He strode away into the station and vanished so abruptly that I blinked.
“Sinister old magician!” I muttered to myself as I put the car in gear. As I reflected on his advice I was obliged to concede it was justified, but nevertheless I felt irritable. “I rub you up the wrong way,” Darrow had said, and it was true. With my Modernist leanings I could hardly fail to be irritated by even the most benign wizard who practised white magic; I had long since made up my mind that wizards and white magic could not exist, and yet there was Darrow, bouncing along on a tidal wave of telepathy, clairvoyance and heaven only knows what else—and even creating the illusion that he could vanish in a puff of smoke at a railway station. In the old days, of course, he would have been burnt at the stake …
But then, no doubt, I would have been sorry.
8
Primrose rushed downstairs to meet me as I arrived home. She was wearing her nightdress and had obviously been keeping herself awake for my arrival. “Daddy, Daddy, Daddy, you’re out so much that I’ve almost forgotten what you look like!”
Dear little Primrose. She would be the one who had time for me when Dido was rushing around organising smart little dinner-parties for sixteen, but I knew this truth was far from salubrious, implying that I would come to regard my daughter as a substitute for my wife. I made up my mind to believe that Dido would in time become capable of assuaging my loneliness.

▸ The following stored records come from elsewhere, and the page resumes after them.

Lemma reachable_lock_inv f byz s : reachable f byz s -> lock_inv s.
Proof.
  induction 1 as [|s s' _ IH Hstep]; [exact lock_inv_init|].
  destruct Hstep; cbv zeta in *.
  - now apply lock_inv_local.
  - destruct H3 as (_ & _ & _ & Hnot_out & _).
    apply lock_inv_vote.
    + exact IH.
    + exact (handle_prop_lock_grows b (loc s i)).
    + intros q'. exact (handle_prop_qc_ge b q' (loc s i)).
    + exact Hnot_out.
  - exact (lock_inv_local _ _ _ _ IH (handle_prop_lock_grows b (loc s i))).
  - apply lock_inv_local; auto using see_qc_lock_grows.
  - apply lock_inv_local; auto using see_tc_lock_grows.
  - apply lock_inv_local; auto using see_qc_lock_grows.
  - apply (lock_inv_timeout s i (mkLocal _ _ (r_cur (loc s i)) _ _ _ _)); simpl; auto.
    lia.
Qed.

Lemma tc_sender_lt f byz s t i q :
  tc_valid f byz s t -> In (i, q) (tc_entries t) -> i < nrep f.
Proof.
  intros (_ & _ & Hent) Hin.
  destruct (Hent _ _ Hin) as (_ & _ & [[Hi _] | [Hi _]]); exact Hi.
Qed.

Lemma tc_honest_entry_sent f byz s t i q :
  tc_valid f byz s t -> In (i, q) (tc_entries t) -> honest f byz i ->
  In (i, tc_round t, q) (touts s).
Proof.
  intros (_ & _ & Hent) Hin [_ Hnb].
  destruct (Hent _ _ Hin) as (_ & _ & [[_ Hb] | [_ Ht]]); [contradiction | exact Ht].
Qed.

Theorem lemma2 (f : nat) (byz : list nat)
  (Hbyz : NoDup byz /\ length byz <= f)
  (s : gstate) (Hreach : reachable f byz s)
  (B : block) (Hcom : globally_direct_committed f byz s B)
  (t : tcert) (Ht : tc_valid f byz s t) (Hr : b_round B < tc_round t) :
  exists q, In q (tc_highs t) /\ b_round B <= qc_round q.
Proof.
  destruct Hcom as (voters & Hnodup & Hlen & Hvoters).
  destruct (NoDup_common_elem nat Nat.eq_dec (seq 0 (nrep f))
              voters (map fst (tc_entries t))) as (i & Hvoter & Hsigner).
  - exact Hnodup.
  - apply Ht.
  - intros j Hj. apply in_seq. destruct (Hvoters _ Hj) as [[Hlt _] _]. lia.
  - intros j Hj. apply in_seq. apply in_map_iff in Hj as ([j' q] & <- & Hin).
    pose proof (tc_sender_lt _ _ _ _ _ _ Ht Hin). simpl. lia.
  - destruct Ht as (Hlen_t & _). rewrite length_seq, length_map, Hlen_t.
    unfold nrep. lia.
  - apply in_map_iff in Hsigner as ([i' q] & <- & Hentry). simpl in Hvoter.
    destruct (Hvoters _ Hvoter) as [Hhonest (B' & Hvote & HrB' & HqcB')].
    exists q. split; [apply in_map_iff; now exists (i', q)|].
    apply (later_touts_locked _ (reachable_lock_inv _ _ _ Hreach) _ _ _ _ _ Hvote HqcB'
             (tc_honest_entry_sent _ _ _ _ _ _ Ht Hentry Hhonest)).
    lia.
Qed.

“Are you all right, Daddy?”
“Yes, fine,” I said, and at once realised with painful clarity how hard it was for me to relax my guard even when I was with those who were closest to me. The long years of acting a part with my mother had left their scar; my inclination was still to play parts, to build a protective wall around myself and keep even those who loved me at a distance which they could sense but never quite describe. In a moment of enlightenment I saw at last how I must appear to my children: kind, quiet, friendly—but never revealing myself in depth, buttoning up all my deepest feelings and unconsciously encouraging them all to participate in my emotionally maimed charade.

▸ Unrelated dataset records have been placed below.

(* If $\mathcal{D}$ is a fibrant double category, then the functor $\mathcal{D}_1^{\bullet}\to\mathcal{D}_0$, sending a horizontal endo-1-cell $M\colon A\nrightarrow A$ to $A$ and a morphism of $\mathcal{D}_1^{\bullet}$ to its vertical source (equal to its target), is a bifibration (both a fibration and an opfibration).
   Context: A (pseudo) double category $\mathcal{D}$ has a category $\mathcal{D}_0$ of objects and vertical 1-cells, a category $\mathcal{D}_1$ of horizontal 1-cells $M\colon A\nrightarrow B$ and 2-morphisms (squares with vertical source $f$ and target $g$), source/target functors, units $1_A$, and a horizontal composition $\odot$ associative and unital up to coherent globular isomorphisms. $\mathcal{D}_1^{\bullet}$ is the (non-full) subcategory of $\mathcal{D}_1$ whose objects are horizontal endo-1-cells $M\colon A\nrightarrow A$ and whose morphisms are 2-morphisms with equal vertical source and target $f\colon A\to B$. $\mathcal{D}$ is fibrant if every vertical 1-cell $f\colon A\to B$ has a companion $\hat f\colon A\nrightarrow B$, i.e. 2-morphisms $p_1\colon\hat f\Rightarrow1_B$ (vertical source $f$, target $\mathrm{id}_B$) and $p_2\colon1_A\Rightarrow\hat f$ (source $\mathrm{id}_A$, target $f$) with $p_1p_2=1_f$ and $p_1\odot p_2\cong1_{\hat f}$, and a conjoint $\check f\colon B\nrightarrow A$, i.e. $q_1\colon\check f\Rightarrow1_B$ (source $\mathrm{id}_B$, target $f$) and $q_2\colon1_A\Rightarrow\check f$ (source $f$, target $\mathrm{id}_A$) with $q_1q_2=1_f$ and $q_2\odot q_1\cong1_{\check f}$. *)

From Stdlib Require Import ProofIrrelevance.

Unset Implicit Arguments.
Set Universe Polymorphism.

Record Category := {
  obj : Type;
  hom : obj -> obj -> Type;
  idm : forall x, hom x x;
  comp : forall {x y z}, hom x y -> hom y z -> hom x z;
  comp_id_l : forall x y (f : hom x y), comp (idm x) f = f;
  comp_id_r : forall x y (f : hom x y), comp f (idm y) = f;
  comp_assoc : forall x y z w (f : hom x y) (g : hom y z) (h : hom z w),
      comp (comp f g) h = comp f (comp g h)
}.
Arguments idm {c} x.
Arguments comp {c x y z} _ _.

Record Functor (E B : Category) := {
  Fob : obj E -> obj B;
  Fhom : forall {x y}, hom E x y -> hom B (Fob x) (Fob y);
  Fhom_id : forall x, Fhom (idm x) = idm (Fob x);
  Fhom_comp : forall x y z (f : hom E x y) (g : hom E y z),
      Fhom (comp f g) = comp (Fhom f) (Fhom g)
}.
Arguments Fob {E B} f0 x.
Arguments Fhom {E B} f0 {x y} _.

The rose-tinted spectacles through which I had viewed my children for so long finally disintegrated. In a moment of further revelation I saw them not as the cyphers who reflected my image in such a pleasing light, but as the troubled strangers I had been too complacent to know. I saw Christian, that astonishing glorified version of myself, torn apart by the tragedy of his mother’s death and acting the crippling role of the perfect son to the father who was so fatally remote; I saw Norman stepping into Willy’s shoes, the shoes of a boy who would never be as clever as his closest sibling, and grappling with jealousy and despair; I saw James, whose sunny-natured simplicity I had always so naively taken for granted, struggling to come to terms with his average intelligence but becoming haunted by feelings of inferiority which would cast a heavy shadow over his life; I saw Sandy, perhaps the cleverest of them all but the most emotionally deprived, grieving in later years for the mother he could not remember as he tried not to resent his stepmother’s insensitive neglect. And I saw Primrose—”
“Daddy, what are you thinking about?”
“You. I was thinking that I must try to be a much better father to my children in future.”

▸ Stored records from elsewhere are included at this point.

(* Let $Z\subseteq\Sigma^{\mathbb Z}$ be a sofic shift, $f:\mathbb R^n\times Z\to\mathbb R^n$, $(C_1,\dots,C_K)$ a graph-induced covering of $Z$ with presentation $\mathcal G=(S,E)$, $S=\{s_1,\dots,s_K\}$, and let $W:\mathbb R^n\times\{1,\dots,K\}\to\mathbb R$ be a $\mathcal G$-based Lyapunov function for the system $x(k+1)=f(x(k),\sigma^k(\bar z))$. Then the functions $\mathcal V_{\min},\mathcal V_{\max}:\mathbb R^n\times Z\to\mathbb R$, $$\mathcal V_{\min}(x,\bar z)=\min_{j:\ \bar z\in C_j}W(x,j),\qquad \mathcal V_{\max}(x,\bar z)=\max_{j:\ \bar z\in C_j}W(x,j),$$ are both sequence-dependent Lyapunov functions for this system.
   Context: $\Sigma$ nonempty countable alphabet; $\Sigma^{\mathbb Z}$ bi-infinite sequences $\bar z=(z_k)_{k\in\mathbb Z}$; $\sigma(\bar z)_k=z_{k+1}$. A labeled graph is $\mathcal G=(S,E)$, $S$ finite, $E\subseteq S\times S\times\Sigma$; standing assumption: every node has at least one incoming and one outgoing edge. A bi-infinite walk labeled by $\bar z$ is $(e_k)_{k\in\mathbb Z}$, $e_k=(s_k,s_{k+1},z_k)\in E$, starting at $s_0$. $\mathcal Z(\mathcal G)$ / $\mathcal Z(\mathcal G,s)$: labels of all bi-infinite walks / those starting at $s$. Sofic shift: a set $\mathcal Z(\mathcal G)$. Graph-induced covering of $Z$ with presentation $\mathcal G$: a family $(C_1,\dots,C_K)$ with $\mathcal G$ having nodes $s_1,\dots,s_K$, $\mathcal Z(\mathcal G)=Z$, $C_j=\mathcal Z(\mathcal G,s_j)$. $\mathcal K_\infty$: continuous strictly increasing unbounded $\alpha:\mathbb R_{\ge0}\to\mathbb R_{\ge0}$ with $\alpha(0)=0$. A $\mathcal G$-based Lyapunov function is $W:\mathbb R^n\times\{1,\dots,K\}\to\mathbb R$ such that there exist $\alpha_1,\alpha_2\in\mathcal K_\infty$, $\gamma\in[0,1)$ with $\alpha_1(|x|)\le W(x,j)\le\alpha_2(|x|)$ for all $x,j$, and $W(f(x,\bar z),l)\le\gamma W(x,j)$ for all $x\in\mathbb R^n$, all edges $(s_j,s_l,i)\in E$ and all $\bar z\in C_j$ with $z_0=i$ and $\sigma(\bar z)\in C_l$. A sequence-dependent Lyapunov function is $\mathcal V:\mathbb R^n\times Z\to\mathbb R$ such that there exist $\alpha_1,\alpha_2\in\mathcal K_\infty$, $\gamma\in[0,1)$ with $\alpha_1(|x|)\le\mathcal V(x,\bar z)\le\alpha_2(|x|)$ and $\mathcal V(f(x,\bar z),\sigma(\bar z))\le\gamma\mathcal V(x,\bar z)$ for all $x\in\mathbb R^n,\bar z\in Z$. *)

From mathcomp Require Import all_boot all_order all_algebra.
From mathcomp Require Import all_classical all_reals all_analysis.
Set Implicit Arguments. Unset Strict Implicit. Unset Printing Implicit Defensive.
Import Order.TTheory GRing.Theory Num.Theory.
Import numFieldNormedType.Exports.
Local Open Scope classical_set_scope.
Local Open Scope ring_scope.

Definition enorm {R : realType} {n : nat} (x : 'rV[R]_n) : R :=
  Num.sqrt (\sum_(i < n) x ord0 i ^+ 2).

(* Class K_infinity, for functions defined on R_{>=0} (values off R_{>=0} irrelevant). *)
Definition Kinf {R : realType} (a : R -> R) : Prop :=
  {within [set x : R | 0 <= x], continuous a} /\ a 0 = 0 /\
  (forall x, 0 <= x -> 0 <= a x) /\
  (forall x y, 0 <= x -> x < y -> a x < a y) /\
  (forall M, exists x, 0 <= x /\ M <= a x).

Definition shift {Sigma : Type} (z : int -> Sigma) : int -> Sigma :=
  fun k => z (k + 1).

(* A labeled graph with node set S = 'I_K (node j is s_{j+1}) and edge
   relation E i l a  <->  (s_i, s_l, a) \in E. *)
Definition graph_ok {Sigma : Type} {K : nat} (E : 'I_K -> 'I_K -> Sigma -> Prop) :=
  forall j, (exists i a, E i j a) /\ (exists l a, E j l a).

Definition walk {Sigma : Type} {K : nat} (E : 'I_K -> 'I_K -> Sigma -> Prop)
  (z : int -> Sigma) (s : int -> 'I_K) : Prop :=
  forall k, E (s k) (s (k + 1)) (z k).

Definition ZG {Sigma : Type} {K : nat} (E : 'I_K -> 'I_K -> Sigma -> Prop)
  : set (int -> Sigma) := [set z | exists s, walk E z s].

Definition ZG_at {Sigma : Type} {K : nat} (E : 'I_K -> 'I_K -> Sigma -> Prop)
  (j : 'I_K) : set (int -> Sigma) := [set z | exists s, walk E z s /\ s 0 = j].

Definition graph_induced_covering {Sigma : Type} {K : nat}
  (E : 'I_K -> 'I_K -> Sigma -> Prop) (Z : set (int -> Sigma))
  (C : 'I_K -> set (int -> Sigma)) : Prop :=
  ZG E = Z /\ forall j, C j = ZG_at E j.

Definition G_Lyapunov {R : realType} {Sigma : Type} {n K : nat}
  (f : 'rV[R]_n -> (int -> Sigma) -> 'rV[R]_n)
  (E : 'I_K -> 'I_K -> Sigma -> Prop) (C : 'I_K -> set (int -> Sigma))
  (W : 'rV[R]_n -> 'I_K -> R) : Prop :=
  exists a1 a2 : R -> R, exists g : R,
    Kinf a1 /\ Kinf a2 /\ 0 <= g /\ g < 1 /\
    (forall x j, a1 (enorm x) <= W x j /\ W x j <= a2 (enorm x)) /\
    (forall x j l i z, E j l i -> C j z -> z 0 = i -> C l (shift z) ->
       W (f x z) l <= g * W x j).

Definition seq_Lyapunov {R : realType} {Sigma : Type} {n : nat}
  (Z : set (int -> Sigma)) (f : 'rV[R]_n -> (int -> Sigma) -> 'rV[R]_n)
  (V : 'rV[R]_n -> (int -> Sigma) -> R) : Prop :=
  exists a1 a2 : R -> R, exists g : R,
    Kinf a1 /\ Kinf a2 /\ 0 <= g /\ g < 1 /\
    (forall x z, Z z -> a1 (enorm x) <= V x z /\ V x z <= a2 (enorm x)) /\
    (forall x z, Z z -> V (f x z) (shift z) <= g * V x z).

(* Minimum / maximum of a finite nonempty list (value 0 on the empty list,
   which never occurs for z \in Z). *)
Definition listmin {R : realType} (s : seq R) : R :=
  match s with [::] => 0 | a :: s' => foldr Num.min a s' end.
Definition listmax {R : realType} (s : seq R) : R :=
  match s with [::] => 0 | a :: s' => foldr Num.max a s' end.

Definition active_vals {R : realType} {Sigma : Type} {n K : nat}
  (C : 'I_K -> set (int -> Sigma)) (W : 'rV[R]_n -> 'I_K -> R)
  (x : 'rV[R]_n) (z : int -> Sigma) : seq R :=
  [seq W x j | j <- [seq j <- enum 'I_K | `[< C j z >]]].

Definition Vmin {R : realType} {Sigma : Type} {n K : nat}
  (C : 'I_K -> set (int -> Sigma)) (W : 'rV[R]_n -> 'I_K -> R)
  (x : 'rV[R]_n) (z : int -> Sigma) : R := listmin (active_vals C W x z).
Definition Vmax {R : realType} {Sigma : Type} {n K : nat}
  (C : 'I_K -> set (int -> Sigma)) (W : 'rV[R]_n -> 'I_K -> R)
  (x : 'rV[R]_n) (z : int -> Sigma) : R := listmax (active_vals C W x z).

From Pilot Require Import Defs.
From mathcomp Require Import all_boot all_order all_algebra.
From mathcomp Require Import all_classical all_reals all_analysis.
Set Implicit Arguments. Unset Strict Implicit. Unset Printing Implicit Defensive.
Import Order.TTheory GRing.Theory Num.Theory.
Local Open Scope classical_set_scope.
Local Open Scope ring_scope.

(* For z in Z let A(z) = {j | z \in C_j} be its set of active nodes; V_min and
   V_max are the minimum and maximum of W(x, .) over A(z).  The proof rests on
   two facts about a graph-induced covering:
   - A(z) is nonempty for z in Z, so the extremum is attained at some active
     node, and is bounded by the W-value at any other active node;
   - every active node of z has an outgoing edge labelled z_0 to an active node
     of shift z (forward step), and every active node of shift z has an incoming
     edge labelled z_0 from an active node of z (backward step): just move one
     step along the walk witnessing membership in C_j.
   The sandwich bounds of W pass to any value attained on A(z).  For the decrease
   of V_min, start from the minimizing node j of z and step forward to l; for
   V_max, start from the maximizing node l of shift z and step backward to j. *)

Section ListExtrema.
Variable R : realType.

Lemma foldr_min_mem (a : R) (s : seq R) : foldr Num.min a s \in a :: s.
Proof.
elim: s => [|b s IH] /=; first by rewrite inE.
rewrite /Num.min; case: ifP => _; first by rewrite !inE eqxx orbT.
by move: IH; rewrite !inE => /orP[->|->]; rewrite ?orbT.
Qed.

Lemma foldr_max_mem (a : R) (s : seq R) : foldr Num.max a s \in a :: s.
Proof.
elim: s => [|b s IH] /=; first by rewrite inE.
rewrite /Num.max; case: ifP => _; last by rewrite !inE eqxx orbT.
by move: IH; rewrite !inE => /orP[->|->]; rewrite ?orbT.
Qed.

Lemma foldr_min_le (a : R) (s : seq R) y : y \in a :: s -> foldr Num.min a s <= y.
Proof.
elim: s y => [|b s IH] y /=; first by rewrite inE => /eqP ->.
rewrite !inE => /or3P[/eqP->|/eqP->|Hy].
- by rewrite ge_min (IH a) ?orbT // inE eqxx.
- by rewrite ge_min lexx.
- by rewrite ge_min (IH y) ?orbT // inE Hy orbT.
Qed.

Lemma foldr_max_ge (a : R) (s : seq R) y : y \in a :: s -> y <= foldr Num.max a s.
Proof.
elim: s y => [|b s IH] y /=; first by rewrite inE => /eqP ->.
rewrite !inE => /or3P[/eqP->|/eqP->|Hy].
- by rewrite le_max (IH a) ?orbT // inE eqxx.
- by rewrite le_max lexx.
- by rewrite le_max (IH y) ?orbT // inE Hy orbT.
Qed.

Lemma listmin_mem (s : seq R) : s != [::] -> listmin s \in s.
Proof. by case: s => // a s _; apply: foldr_min_mem. Qed.

Lemma listmax_mem (s : seq R) : s != [::] -> listmax s \in s.
Proof. by case: s => // a s _; apply: foldr_max_mem. Qed.

Lemma listmin_le (s : seq R) y : y \in s -> listmin s <= y.
Proof. by case: s => // a s; apply: foldr_min_le. Qed.

Lemma listmax_ge (s : seq R) y : y \in s -> y <= listmax s.
Proof. by case: s => // a s; apply: foldr_max_ge. Qed.

End ListExtrema.

Section ActiveExtrema.
Variables (R : realType) (Sigma : Type) (n K : nat).
Variables (C : 'I_K -> set (int -> Sigma)) (W : 'rV[R]_n -> 'I_K -> R).

Lemma active_mem x {z j} : C j z -> W x j \in active_vals C W x z.
Proof. by move=> Cj; apply: map_f; rewrite mem_filter mem_enum andbT; apply/asboolP. Qed.

Lemma active_inv x z y : y \in active_vals C W x z -> exists2 j, C j z & y = W x j.
Proof. by move=> /mapP[j]; rewrite mem_filter => /andP[/asboolP Cj _] ->; exists j. Qed.

Lemma Vmin_le x {z j} : C j z -> Vmin C W x z <= W x j.
Proof. by move=> Cj; apply/listmin_le/active_mem. Qed.

Lemma Vmax_ge x {z j} : C j z -> W x j <= Vmax C W x z.
Proof. by move=> Cj; apply/listmax_ge/active_mem. Qed.

Lemma Vmin_attained x {z j0} : C j0 z -> exists2 j, C j z & Vmin C W x z = W x j.
Proof.
move=> Cj0; apply/active_inv/listmin_mem.
by apply/eqP => nil_vals; move: (active_mem x Cj0); rewrite nil_vals.
Qed.

Lemma Vmax_attained x {z j0} : C j0 z -> exists2 j, C j z & Vmax C W x z = W x j.
Proof.
move=> Cj0; apply/active_inv/listmax_mem.
by apply/eqP => nil_vals; move: (active_mem x Cj0); rewrite nil_vals.
Qed.

End ActiveExtrema.
Arguments Vmin_le {R Sigma n K C} W x {z j}.
Arguments Vmax_ge {R Sigma n K C} W x {z j}.
Arguments Vmin_attained {R Sigma n K C} W x {z j0}.
Arguments Vmax_attained {R Sigma n K C} W x {z j0}.

Section Covering.
Variables (Sigma : Type) (K : nat) (E : 'I_K -> 'I_K -> Sigma -> Prop).
Variables (Z : set (int -> Sigma)) (C : 'I_K -> set (int -> Sigma)).
Hypothesis cover : graph_induced_covering E Z C.

Lemma covering_active z : Z z -> exists j, C j z.
Proof.
case: cover => <- HC [s walk_s]; exists (s 0).
by rewrite HC; exists s.
Qed.

Lemma covering_shift z : Z z -> Z (Defs.shift z).
Proof.
case: cover => <- _ [s walk_s].
by exists (fun k => s (k + 1)) => k; apply: walk_s.
Qed.

Lemma covering_forward j z : C j z -> exists2 l, E j l (z 0) & C l (Defs.shift z).
Proof.
case: cover => _ HC; rewrite HC => -[s [walk_s s0]].
exists (s 1); first by move: (walk_s 0); rewrite s0 add0r.
rewrite HC; exists (fun k => s (k + 1)); split; last by rewrite add0r.
by move=> k; apply: walk_s.
Qed.

Lemma covering_backward l z : C l (Defs.shift z) -> exists2 j, E j l (z 0) & C j z.
Proof.
case: cover => _ HC; rewrite HC => -[s [walk_s s0]].
exists (s (-1)); first by move: (walk_s (-1)); rewrite /Defs.shift addNr s0.
rewrite HC; exists (fun k => s (k - 1)); split; last by rewrite add0r.
by move=> k; rewrite addrK; move: (walk_s (k - 1)); rewrite /Defs.shift subrK.
Qed.

End Covering.

Section SequenceLyapunov.
Variables (R : realType) (Sigma : Type) (n K : nat).
Variables (E : 'I_K -> 'I_K -> Sigma -> Prop) (Z : set (int -> Sigma)).
Variables (f : 'rV[R]_n -> (int -> Sigma) -> 'rV[R]_n).
Variables (C : 'I_K -> set (int -> Sigma)) (W : 'rV[R]_n -> 'I_K -> R).
Hypothesis cover : graph_induced_covering E Z C.
Variables (a1 a2 : R -> R) (g : R).
Hypothesis W_bounds : forall x j, a1 (enorm x) <= W x j /\ W x j <= a2 (enorm x).
Hypothesis W_decrease : forall x j l i z,
  E j l i -> C j z -> z 0 = i -> C l (Defs.shift z) -> W (f x z) l <= g * W x j.
Hypothesis g_ge0 : 0 <= g.

(* Both extrema are values W(x, j) at an active node, so inherit its bounds. *)
Lemma Vmin_bounds x z : Z z ->
  a1 (enorm x) <= Vmin C W x z /\ Vmin C W x z <= a2 (enorm x).
Proof.
move=> /(covering_active cover)[j0 /(Vmin_attained W x)[j _ ->]].
exact: W_bounds.
Qed.

Lemma Vmax_bounds x z : Z z ->
  a1 (enorm x) <= Vmax C W x z /\ Vmax C W x z <= a2 (enorm x).
Proof.
move=> /(covering_active cover)[j0 /(Vmax_attained W x)[j _ ->]].
exact: W_bounds.
Qed.

(* Decrease of V_min: step forward from the node j minimizing W(x, .). *)
Lemma Vmin_decrease x z : Z z -> Vmin C W (f x z) (Defs.shift z) <= g * Vmin C W x z.
Proof.
move=> /(covering_active cover)[j0 /(Vmin_attained W x)[j Cj ->]].
have [l Ejl Cl] := covering_forward cover Cj.
exact: le_trans (Vmin_le W (f x z) Cl) (W_decrease x Ejl Cj erefl Cl).
Qed.

(* Decrease of V_max: step backward from the node l maximizing W(f x z, .). *)
Lemma Vmax_decrease x z : Z z -> Vmax C W (f x z) (Defs.shift z) <= g * Vmax C W x z.
Proof.
move=> /(covering_shift cover)/(covering_active cover)[l0].
move=> /(Vmax_attained W (f x z))[l Cl ->].
have [j Ejl Cj] := covering_backward cover Cl.
apply: le_trans (W_decrease x Ejl Cj erefl Cl) _.
by rewrite ler_wpM2l // Vmax_ge.
Qed.

End SequenceLyapunov.

Theorem mainTheorem5 (R : realType) (Sigma : countType) (hSigma : inhabited Sigma)
  (n K : nat) (E : 'I_K -> 'I_K -> Sigma -> Prop) (hE : graph_ok E)
  (Z : set (int -> Sigma)) (f : 'rV[R]_n -> (int -> Sigma) -> 'rV[R]_n)
  (C : 'I_K -> set (int -> Sigma)) (W : 'rV[R]_n -> 'I_K -> R) :
  graph_induced_covering E Z C ->
  G_Lyapunov f E C W ->
  seq_Lyapunov Z f (Vmin C W) /\ seq_Lyapunov Z f (Vmax C W).
Proof.
move=> cover [a1 [a2 [g [a1K [a2K [g_ge0 [g_lt1 [W_bounds W_decrease]]]]]]]].
split; exists a1, a2, g; do 4 (split => //); split => x z Zz.
- exact (Vmin_bounds cover W_bounds x Zz).
- exact (Vmin_decrease cover W_decrease x Zz).
- exact (Vmax_bounds cover W_bounds x Zz).
- exact (Vmax_decrease cover W_decrease g_ge0 x Zz).
Qed.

“You couldn’t be better. You’re perfect.”
Dear little Primrose. I gave her a hug, hung up my hat and drifted from the hall to the drawing-room. The first thing I saw as I crossed the threshold was the bottle of whisky. It was sitting boldly on the mantelshelf.
I stopped dead. “Where on earth did that whisky come from?”
“Aunt Merry bought it.”
“Merry! Good heavens, I’d forgotten her. Where is she?”
“Gone to the hospital. Didn’t you see her? She left some time ago.”
“I was talking for a while afterwards with Mr. Darrow.” Turning my back on the bottle I said to Primrose quickly: “Time you were in bed—I’ll tuck you up,” and we headed at once upstairs away from temptation.
9
When Merry arrived back half an hour later I was still talking to Primrose upstairs. I knew it was too great a risk to be on my own within reach of that bottle of whisky.
“I’m sorry I’ve been so beastly to you lately, Stephen,” Merry said as I returned downstairs to meet her, “but I was just so worried about Dido. However I now discover you’ve put everything right. Congratulations.” She unexpectedly handed me an envelope. “Here’s another billet-doux—she scribbled it after you left. Excuse the pong but before I could stop her she’d succumbed to a burst of romantic fervour and drenched the envelope with cologne … Now where did I put that hooch?”
“In a scandalous position on the drawing-room mantelshelf.”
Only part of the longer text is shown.